Some Muslims consider him too ‘white,’ some ‘whites’ find him too soft. In reality, Aboutaleb is in the Labour (PvdA) tradition of anti-polarisation.

Aboutaleb was born in Beni Sidel, Morocco on 29 August 1961. His father was an Imam. He came to the Netherlands aged 16. In 1987, he graduated from a college (HBO) in electrical engineering and telecommunication. Instead of becoming a technician, Aboutaleb emerged as a journalist for a variety of TV broadcasters and news programmes, including NOS Radio and RTL Nieuws.

By becoming a spokesman for State Secretary Simons and Health Minister Hedy d’Ancona (1989-1994), he began his involvement in public administration.
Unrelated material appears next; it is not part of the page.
(* For every $n\in\mathbb{N}_0$ and $m=1,\ldots,n+1$, \begin{align*} \mathbf{X}^{0,\dagger}_n&=r^n\Big[\tfrac{n+1}{2}U^0_n+\tfrac12U^1_n\mathbf{e}_1+\tfrac12V^1_n\mathbf{e}_2\Big],\\ \mathbf{X}^{m,\dagger}_n&=r^n\Big[\tfrac{n+m+1}{2}U^m_n+\tfrac14R^{m,-}_n\mathbf{e}_1+\tfrac14S^{m,+}_n\mathbf{e}_2\Big],\\ \mathbf{Y}^{m,\dagger}_n&=r^n\Big[\tfrac{n+m+1}{2}V^m_n+\tfrac14S^{m,-}_n\mathbf{e}_1-\tfrac14R^{m,+}_n\mathbf{e}_2\Big], \end{align*} where $R^{m,\pm}_n=U^{m+1}_n\pm(n+m+1)(n+m)U^{m-1}_n$ and $S^{m,\pm}_n=V^{m+1}_n\pm(n+m+1)(n+m)V^{m-1}_n$.
   Context: Quaternions $\mathbb{H}$ have basis $1,\mathbf{e}_1,\mathbf{e}_2,\mathbf{e}_3$ with $\mathbf{e}_i^2=-1$, $\mathbf{e}_1\mathbf{e}_2=\mathbf{e}_3=-\mathbf{e}_2\mathbf{e}_1$, $\mathbf{e}_2\mathbf{e}_3=\mathbf{e}_1=-\mathbf{e}_3\mathbf{e}_2$, $\mathbf{e}_3\mathbf{e}_1=\mathbf{e}_2=-\mathbf{e}_1\mathbf{e}_3$. Reduced quaternions: $\mathcal{A}=\mathrm{span}_\mathbb{R}\{1,\mathbf{e}_1,\mathbf{e}_2\}$; $x=(x_0,x_1,x_2)\in\mathbb{R}^3$ is identified with $x_0+x_1\mathbf{e}_1+x_2\mathbf{e}_2$. $\overline{D}=\partial_{x_0}-\mathbf{e}_1\partial_{x_1}-\mathbf{e}_2\partial_{x_2}$. Spherical coordinates: $x_0=r\cos\theta_1$, $x_1=r\sin\theta_1\cos\theta_2$, $x_2=r\sin\theta_1\sin\theta_2$, $r>0$, $0<\theta_1\le\pi$, $0<\theta_2\le2\pi$. $P_n$ is the Legendre polynomial, $P^m_n(t)=(1-t^2)^{m/2}\frac{d^m}{dt^m}P_n(t)$ the associated Legendre function ($P^0_n=P_n$), with $P^i_n\equiv0$ for $i\ge n+1$. $T_k$, $U_k$ are the Chebyshev polynomials of the first and second kind, with $U_{-1}=0$. Spherical harmonics: $U^l_{n}(\theta_1,\theta_2)=P^l_{n}(\cos\theta_1)T_l(\cos\theta_2)$, $V^m_{n}(\theta_1,\theta_2)=P^m_{n}(\cos\theta_1)\sin\theta_2\,U_{m-1}(\cos\theta_2)$ (so $V^0_n=0$), and $U^l_n=V^l_n=0$ for $l\ge n+1$. The basis polynomials are $\mathbf{X}^{l,\dagger}_n:=\tfrac12\overline{D}\big(r^{n+1}U^l_{n+1}\big)$, $l=0,\ldots,n+1$, and $\mathbf{Y}^{m,\dagger}_n:=\tfrac12\overline{D}\big(r^{n+1}V^m_{n+1}\big)$, $m=1,\ldots,n+1$. *)

From Stdlib Require Import Reals Lra Arith.
Open Scope R_scope.

Record quat := mkQ { q0 : R; q1 : R; q2 : R; q3 : R }.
This development was strengthened when he became head of public relations at the influential Socio-Economic Council (SER), from 1994 to 1996, and manager of Communications at the Central Bureau for Statistics (CBS), from 1996 to 1998.

In 1998, he became a member of the Institute for Multicultural Development (FORUM). Two yeas later, he joined the Education Council and in 2002, he became Amsterdam local council’s director of Social, Economic and Cultural Development.

In February 2004, he became Amsterdam Mayor Job Cohen’s alderman for Work and Income, Education, Youth and Diversity. And in the spring of last year, he joined the national government, taking his present post of Social Affairs State Secretary. His move to Rotterdam now is certainly yet another promotion.

Aboutaleb’s election is in two ways remarkable. Of course his Islamic faith makes the appointment unique. But also, a tradition has been broken of the established parties each claiming certain cities.

It is a public secret that the procedure of electing mayors, at least in the big cities, has been a closed circuit of agreements between the established parties. According to this logic, Gerd Leers should have emerged the winner. That is because he is a member of the Christian democrats (CDA) and the CDA was going to claim Rotterdam.

Rotterdam had to go to the CDA, because The Hague went earlier to the VVD. In the third-largest city, Jozias van Aartsen (VVD) recently took over the chain of office from CDA Mayor Wim Deetman. Insiders were convinced that CDA and VVD had swapped Rotterdam and The Hague.

Amsterdam and Utrecht, the biggest and fourth city respectively, already belong to the PvdA. Now that party, struggling in the polls, will be holding the mayoral position in three of the ‘big four’ cities.

The choice for PvdA’s Aboutaleb might have been pushed by a poll conducted recently by Algemeen Dagblad. The newspaper reported Rotterdammers wanted State Secretary Nebahat Albayrak as their mayor. She was not a candidate, but like Aboutaleb, she is a Muslim, a faith that many Rotterdammers share with her.